Watford, North Dakota is such a town. Just recently it was written up in the New York times. The author discussed the challenges the city faces and the struggle with housing the men working the Bakken field. This town would be my home for the next 5 days. For 14 hours a day, I followed a group of men around to the various rigs while they installed BOPs, lubed wellheads and performed general up keep. Finally I got to see the inside, or rather all around the mystical drilling rig.
The men that work these rigs are made of movie stuff. They have their own language. They have their own hand signals. They even have their own names for the specific jobs on the derrik, and unless you have proven yourself, they have their own name for you. These men are hard. Working 12-14 hour shifts in the dead of winter, exposed to the elements with some of the most dangerous equipment in the world, makes a person tough. The work is wet and thick with muddy oil that bubbles form the hole. The tools are enormous and one misstep or a slip in attention and life becomes very serious very quickly.

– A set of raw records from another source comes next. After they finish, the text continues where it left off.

Let row_shift_sylv :
  row_shift_mx d m a *m sylv_mx d m (('X - a%:P) * p) q = coef_mx d h *m col_shift_mx d a.
Proof.
rewrite /sylv_mx row_shift_coef_mx coef_mx_col_shift //; apply/matrixP => r j.
rewrite !mxE /h; case: (ltngtP r m) => [lt_rm|lt_mr|->].
- by rewrite mulr0n mul0r subr0 exprS -mulrA (coefXM _ j.+1) mulrCA mulrBl coefB coefCM.
- have -> : (r.-1 < m)%N = false by lia.
  have -> : (r - m = (r.-1 - m).+1)%N by lia.
  by rewrite mulr1n exprS -mulrA (coefXM _ j.+1).
- have qE : q = q.[a]%:P + 'X * Q - a%:P * Q.
    by rewrite -addrA -mulrBl (mulrC _ Q) -factor_q addrC subrK.
  rewrite subnn expr0 mul1r mulr0n mul0r subr0 {1}qE coefB !coefD coefCM !coefXM !coefC.
  by rewrite add0r.
Qed.

Let det_h : \det (coef_mx d h) = (-1) ^+ m * q.[a] * \det (sylv_mx (m + n) m p q).
Proof.
have lt_md : (m < d)%N by rewrite ltnS leq_addr.
rewrite (expand_det_col _ ord0) (bigD1 (Ordinal lt_md)) //= big1 ?addr0; last first.
  move=> i ne_im; rewrite mxE /h.
  have {}ne_im : (i : nat) != m by apply: contraNneq ne_im => eq_im; apply/eqP/val_inj.
  case: ltnP => [_|le_mi]; first by rewrite coefXnM mul0r.
  by rewrite (negbTE ne_im) coefXnM subn_gt0 ltn_neqAle eq_sym ne_im le_mi mul0r.
rewrite mxE /h /= ltnn eqxx coefD coefC coefXM /= addr0 /cofactor /= addn0.
rewrite mulrCA mulrA; congr (_ * \det _); apply/matrixP => i j.
rewrite !mxE /= /bump leq0n add1n; case: (leqP m i) => le_mi.
  have -> : (i.+1 < m)%N = false by lia.
  have -> : (i.+1 == m) = false by lia.
  by rewrite add1n subSn // exprS -mulrA coefXM.
by rewrite add0n le_mi exprS -mulrA coefXM.
Qed.

Lemma det_sylv_mulXsubC :
  \det (sylv_mx d m (('X - a%:P) * p) q) = (-1) ^+ m * q.[a] * \det (sylv_mx (m + n) m p q).
Proof.
rewrite -det_h -[LHS]mul1r -(det_row_shift d m a) -det_mulmx row_shift_sylv.
by rewrite det_mulmx det_col_shift mulr1.
Qed.

End SylvesterMulXsubC.

Lemma resultant_mulXsubC p q a : p != 0 ->
  resultant (('X - a%:P) * p) q = (-1) ^+ (size q).-1 * q.[a] * resultant p q.
Proof.
move=> nz_p; have /factor_theorem [Q factor_q] : root (q - q.[a]%:P) a.
  by rewrite /root !hornerE subrr.
have size_Xp : (size (('X - a%:P) * p)).-1 = (size p).-1.+1.
  by rewrite mulrC size_Mmonic ?monicXsubC // size_XsubC addn2 prednK ?size_poly_gt0.
by rewrite !resultantE size_Xp addnS (det_sylv_mulXsubC (leqSpred _) (leqSpred _) factor_q).
Qed.

End ResultantMulXsubC.

Lemma horner_deriv_XsubCM (R : comNzRingType) (a : R) (w : {poly R}) :
  (('X - a%:P) * w)^`().[a] = w.[a].
Proof. by rewrite derivM derivXsubC mul1r !hornerE subrr mul0r addr0. Qed.

Lemma resultant_deriv_mulXsubC2 (R : comNzRingType) (a b : R) (h f : {poly R}) :
  h != 0 -> f = ('X - a%:P) * (('X - b%:P) * h) ->
  resultant f f^`() = - (a - b) ^+ 2 * (h.[a] * h.[b] * resultant h f^`()).
Proof.
move=> nz_h fE; have nz_bh : ('X - b%:P) * h != 0.
  by rewrite -size_poly_eq0 mulrC size_Mmonic ?monicXsubC // size_XsubC addn2.
have f'a : f^`().[a] = (a - b) * h.[a].
  by rewrite fE horner_deriv_XsubCM hornerM hornerXsubC.
have f'b : f^`().[b] = - (a - b) * h.[b].
  by rewrite fE mulrCA horner_deriv_XsubCM hornerM hornerXsubC opprB.
rewrite {1}fE !resultant_mulXsubC // f'a f'b; set s := (-1) ^+ _.
have s2 : s * s = 1 by rewrite -expr2 -exprM mulnC exprM sqrrN !expr1n.
by rewrite -[RHS]mul1r -s2; ring.
Qed.

Lemma rpred_resultant (R : comNzRingType) (S : subringClosed R) (p r : {poly R}) :
  p \is a polyOver S -> r \is a polyOver S -> resultant p r \in S.
Proof.
move=> /polyOverP Sp /polyOverP Sr; apply: rpred_sum => sigma _.
rewrite rpredM ?rpredX ?rpredN1 // rpred_prod // => i _.
by rewrite Sylvester_mxE; case: split => k; apply: rpredMn.
Qed.

Lemma polyOver_divXsubC (R : nzRingType) (S : subringClosed R) (f g : {poly R}) (a : R) :
  f \is a polyOver S -> a \in S -> f = g * ('X - a%:P) -> g \is a polyOver S.
Proof.
move=> /polyOverP Sf Sa fE; apply/polyOverP.
have g_rec k : g`_k = f`_k.+1 + g`_k.+1 * a.
  by rewrite fE mulrBr coefB coefMX coefMC /= subrK.
suff Sg d k : (size g <= k + d)%N -> g`_k \in S.
  by move=> k; apply: (Sg (size g)); rewrite leq_addl.
elim: d k => [|d IHd] k le_gk; first by rewrite nth_default ?rpred0 // -(addn0 k).
by rewrite g_rec rpredD ?rpredM ?IHd // addSnnS.
Qed.

Lemma sum_count_fibers (T : Type) (c : T -> nat) (n : nat) (s : seq T) :
  all (fun x => c x < n)%N s -> (\sum_(i < n) count (fun x => c x == i) s)%N = size s.
Proof.
elim: s => [|x s IHs] /=; first by rewrite big1.
move=> /andP[lt_xn lt_sn]; rewrite big_split /= IHs //.
rewrite (eq_bigr (fun i : 'I_n => if (i : nat) == c x then 1 else 0)%N); last first.
  by move=> i _; rewrite eq_sym; case: eqP.
by rewrite -big_mkcond (big_ord1_eq _ (fun=> 1%N)) lt_xn add1n.
Qed.

Lemma pigeonhole_fiber (T : Type) (c : T -> nat) (n N : nat) (s : seq T) :
  all (fun x => c x < n)%N s -> (n * N < size s)%N ->
  exists i : 'I_n, (N < count (fun x => c x == i) s)%N.
Proof.
move=> lt_cn; rewrite -(sum_count_fibers lt_cn) => lt_nN_sum.
apply/existsP; apply: contraLR lt_nN_sum => /existsPn small_fibers.
rewrite -leqNgt -[in X in (_ <= X)%N](card_ord n) -sum_nat_const.
by apply: leq_sum => i _; rewrite leqNgt small_fibers.
Qed.

Section ValuationRing.

Variables (K : fieldType) (v : K -> int) (q : nat).
Hypothesis hK : complete_dvf_finite_residue v q.

Local Notation A := (in_A v).

Lemma valuation1 : v 1 = 0.
Proof.
have idem_0 (z : int) : z = z + z -> z = 0 by lia.
by apply: idem_0; have := v_mul hK (oner_neq0 K) (oner_neq0 K); rewrite mulr1.
Qed.

Lemma valuationV x : x != 0 -> v x^-1 = - v x.
Proof.
move=> nz_x; have := v_mul hK nz_x (invr_neq0 nz_x).
by rewrite mulfV // valuation1 => vxV; apply/eqP; rewrite -addr_eq0 addrC -vxV.
Qed.

Lemma valuationN x : x != 0 -> v (- x) = v x.
Proof.
have nz_N1 : (-1 : K) != 0 by rewrite oppr_eq0 oner_neq0.
have vN1 : v (-1) = 0.
  have := v_mul hK nz_N1 nz_N1; rewrite mulrNN mulr1 valuation1.
  have opp_idem_0 (z : int) : 0 = z + z -> z = 0 by lia.
  exact: opp_idem_0.
by move=> nz_x; rewrite -mulN1r (v_mul hK nz_N1 nz_x) vN1 add0r.
Qed.

Lemma vgeN x N : vge v (- x) N = vge v x N.
Proof. by rewrite /vge oppr_eq0; have [//|nz_x] := eqVneq x 0; rewrite valuationN. Qed.

Lemma vgeD x y N : vge v x N -> vge v y N -> vge v (x + y) N.
Proof.
have [->|nz_x] := eqVneq x 0; first by rewrite add0r.
have [->|nz_y] := eqVneq y 0; first by rewrite addr0.
rewrite /vge (negbTE nz_x) (negbTE nz_y); have [//|nz_xy /=] := eqVneq (x + y) 0.
by move=> le_Nx le_Ny; apply: le_trans (v_add hK nz_x nz_y nz_xy); rewrite le_min le_Nx.
Qed.

Lemma vgeM x y N M : vge v x N -> vge v y M -> vge v (x * y) (N + M).
Proof.
rewrite /vge mulf_eq0; have [//|nz_x] := eqVneq x 0; have [//|nz_y /=] := eqVneq y 0.
by rewrite (v_mul hK nz_x nz_y); apply: lerD.
Qed.

Lemma vgeW x N M : M <= N -> vge v x N -> vge v x M.
Proof. by rewrite /vge => le_MN /orP[->//|/(le_trans le_MN)->]; rewrite orbT. Qed.

Lemma vge_sum (I : Type) (r : seq I) (P : pred I) (F : I -> K) N :
  (forall i, P i -> vge v (F i) N) -> vge v (\sum_(i <- r | P i) F i) N.
Proof.
move=> vF; apply: (big_ind (fun x => vge v x N)) => // [|x y]; first by rewrite /vge eqxx.
exact: vgeD.
Qed.

Fact in_A_subring_closed : subring_closed A.
Proof.
split=> [|x y|x y]; rewrite -!topredE /= /in_A.
- by rewrite /vge valuation1 lexx orbT.
- by move=> Ax Ay; apply: vgeD; rewrite ?vgeN.
- by move=> Ax Ay; have := vgeM Ax Ay.
Qed.

HB.instance Definition _ := GRing.isSubringClosed.Build K A in_A_subring_closed.

Lemma monic_root_in_A (f : {poly K}) x :
  (forall i, f`_i \in A) -> f \is monic -> root f x -> x \in A.
Proof.
move=> fA mon_f root_x; apply: contraT => notAx.
have nz_x : x != 0 by apply: contraNneq notAx => ->; apply: rpred0.
set y := x^-1; have vy : vge v y 1.
  move: notAx; rewrite -topredE /= /in_A /vge /y invr_eq0 (negbTE nz_x) valuationV //=.
  lia.
have Ay : y \in A by apply: vgeW vy.
set d := (size f).-1.
have size_f : size f = d.+1 by rewrite prednK // size_poly_gt0 monic_neq0.
have lead_f : f`_d = 1 by apply/monicP.
have sum_eq : \sum_(i < d) f`_i * y ^+ (d - i) = -1.
  apply/eqP; rewrite -addr_eq0; apply/eqP.
  transitivity (f.[x] * y ^+ d); last by rewrite (rootP root_x) mul0r.
  rewrite horner_coef size_f big_ord_recr /= lead_f mul1r mulrDl mulr_suml.
  rewrite -exprMn mulfV // expr1n; congr (_ + _); apply: eq_bigr => i _.
  have xy_i : x ^+ i * y ^+ i = 1 by rewrite -exprMn mulfV // expr1n.
  rewrite -[in y ^+ d](subnK (ltnW (ltn_ord i))) exprD.
  by rewrite -[LHS]mulr1 -xy_i; ring.
have : vge v (\sum_(i < d) f`_i * y ^+ (d - i)) 1.
  apply: vge_sum => i _; have lt_0di : (0 < d - i)%N by rewrite subn_gt0.
  rewrite -(prednK lt_0di) exprS.
  have Ayk : y ^+ (d - i).-1 \in A by apply: rpredX.
  by have := vgeM (fA i) (vgeM vy Ayk); rewrite add0r addr0.
by rewrite sum_eq vgeN /vge oner_eq0 valuation1.
Qed.

Lemma residue_index : exists (r : seq K) (c : K -> nat),
  forall x, x \in A -> (c x < q)%N /\ vge v (x - r`_(c x)) 1.
Proof.
have [r [_ _ _ r_repr]] := v_residue hK.
exists r, (fun x => find (fun i => vge v (x - r`_i) 1) (iota 0 q)) => x Ax.
have [i lt_iq x_near_i] := r_repr x Ax.
have has_i : has (fun i => vge v (x - r`_i) 1) (iota 0 q).
  by apply/hasP; exists i; rewrite ?mem_iota.
have lt_find : (find (fun i => vge v (x - r`_i) 1) (iota 0 q) < q)%N.
  by rewrite -[X in (_ < X)%N](size_iota 0) -has_find.
by split=> //; have := nth_find 0%N has_i; rewrite nth_iota.
Qed.

Lemma pigeonhole_congruent (t : nat) (s : seq K) : uniq s -> {subset s <= A} ->
  (q ^ t < size s)%N -> exists x y, [/\ x \in s, y \in s, x != y & vge v (x - y) t%:Z].
Proof.
have [r [c c_repr]] := residue_index.
have [pi [nz_pi v_pi]] := v_uniformizer hK.
elim: t s => [|t IHt] s uniq_s sA.
  case: s uniq_s sA => [|x [|y s]] //= /andP[x_notin _] sA _.
  exists x, y; split; rewrite ?inE ?eqxx ?orbT //.
    by apply: contraNneq x_notin => ->; rewrite inE eqxx.
  suff : x - y \in A by []; by rewrite rpredB ?sA // !inE eqxx ?orbT.
rewrite expnS => lt_qqt_s.
have lt_cq : all (fun x => c x < q)%N s by apply/allP => x /sA /c_repr[].
have [i big_fiber] := pigeonhole_fiber lt_cq lt_qqt_s.
pose phi x := (x - r`_i) / pi.
have phi_inj : injective phi by move=> x y /(mulIf (invr_neq0 nz_pi)) /addIr.
pose si := [seq x <- s | c x == i].
have phi_si_A : {subset map phi si <= A}.
  move=> z /mapP[x]; rewrite mem_filter => /andP[/eqP cx_i s_x] ->.
  have [_] := c_repr x (sA x s_x); rewrite cx_i => x_near_i.
  have vpiV : vge v pi^-1 (-1).
    by rewrite /vge invr_eq0 (negbTE nz_pi) valuationV // v_pi lexx orbT.
  by have := vgeM x_near_i vpiV; rewrite addrN.
have uniq_phi_si : uniq (map phi si) by rewrite map_inj_uniq ?filter_uniq.
have big_phi_si : (q ^ t < size (map phi si))%N by rewrite size_map size_filter.
have [_ [_ [/mapP[x si_x ->] /mapP[y si_y ->] neq_phi vphi]]] :=
  IHt _ uniq_phi_si phi_si_A big_phi_si.
move: si_x si_y; rewrite !mem_filter => /andP[_ s_x] /andP[_ s_y].
exists x, y; split=> //; first by apply: contraNneq neq_phi => ->.
have -> : x - y = (phi x - phi y) * pi by rewrite /phi -mulrBl mulfVK //; ring.
rewrite -addn1 PoszD; apply: vgeM vphi _.
by rewrite /vge v_pi lexx orbT.
Qed.

Lemma vge_resultant_deriv (f : {poly K}) a b N :
  f != 0 -> (forall i, f`_i \in A) -> a \in A -> b \in A -> a != b ->
  root f a -> root f b -> vge v (a - b) N -> vge v (resultant f f^`()) (N + N).
Proof.
move=> nz_f /polyOverP fA Aa Ab neq_ab /factor_theorem[g fE] root_b vab.
have /factor_theorem[h gE] : root g b.
  by move: root_b; rewrite fE rootM root_XsubC eq_sym (negbTE neq_ab) orbF.
have hA : h \is a polyOver A := polyOver_divXsubC (polyOver_divXsubC fA Aa fE) Ab gE.
have nz_h : h != 0 by apply: contraNneq nz_f => h0; rewrite fE gE h0 !mul0r.
have fE' : f = ('X - a%:P) * (('X - b%:P) * h) by rewrite fE gE mulrC (mulrC h).
have cA : h.[a] * h.[b] * resultant h f^`() \in A.
  by rewrite !rpredM ?rpred_horner ?rpred_resultant ?polyOver_deriv.
rewrite (resultant_deriv_mulXsubC2 nz_h fE') mulNr vgeN.
by have := vgeM vab (vgeM vab cA); rewrite addr0 mulrA -expr2.
Qed.

End ValuationRing.

Theorem corollary3p3 (K : fieldType) (v : K -> int) (q : nat)
  (hK : complete_dvf_finite_residue v q)
  (f : {poly K}) (hfA : forall i : nat, in_A v f`_i) (hmon : f \is monic)
  (hD : resultant f f^`() != 0)
  (s : seq K) (huniq : uniq s) (hroots : all (root f) s) :
  (size s <= q ^ (`|v (resultant f f^`())|%N./2).+1)%N.
Proof.
have fA : forall i, f`_i \in in_A v := hfA.
have sA : {subset s <= in_A v}.
  by move=> x /(allP hroots) root_x; exact: (monic_root_in_A hK fA hmon root_x).
rewrite leqNgt; apply/negP => /(pigeonhole_congruent hK huniq sA).
move=> [a [b [s_a s_b neq_ab vab]]].
have := vge_resultant_deriv hK (monic_neq0 hmon) fA (sA a s_a) (sA b s_b) neq_ab
  (allP hroots a s_a) (allP hroots b s_b) vab.
rewrite /vge (negbTE hD) /=; set r := v _ => le_r.
have r_ge0 : 0 <= r by apply: le_trans le_r.
have := odd_double_half `|r|%N; have := leq_b1 (odd `|r|%N); move: le_r r_ge0.
lia.
Qed.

As I was shooting pictures of the men installing a BOP, one of the guys said to me, “hey, don’t step there.” I looked at him with my usual “yea, no shit” look since he was pointing to a large pool of watery mud, that had the consistency of thick chocolate milk. What did he think, I would just step in a pool of water with my camera strapped to me? So, I looked at him, with that same look and said, “yea, ok”. Then he looked back and said it again; I must have been getting closer to the pool. With the same look I said, “So, it isn’t just a pool of water?” “Nope,” he said ” ya step in there and we’ll never see y’again. That goes down 150 feet and there is no way to get ya out.” Needless to say, I didn’t get any closer to the hole.
In the end, I got some great shots for the company. But the shots that truly stand out in my mind are the images of the men on the rig. One of my favorite photographers did an entire series on oil rig workers. Richard Avedon, in the mid 1980’s produced the most vivid and striking images I have ever seen. My images are not the same in any stretch of the imagination, but they do capture what the work is like. Oh, and for the record, the guy with the sledge hammer is the one who told me where NOT to step.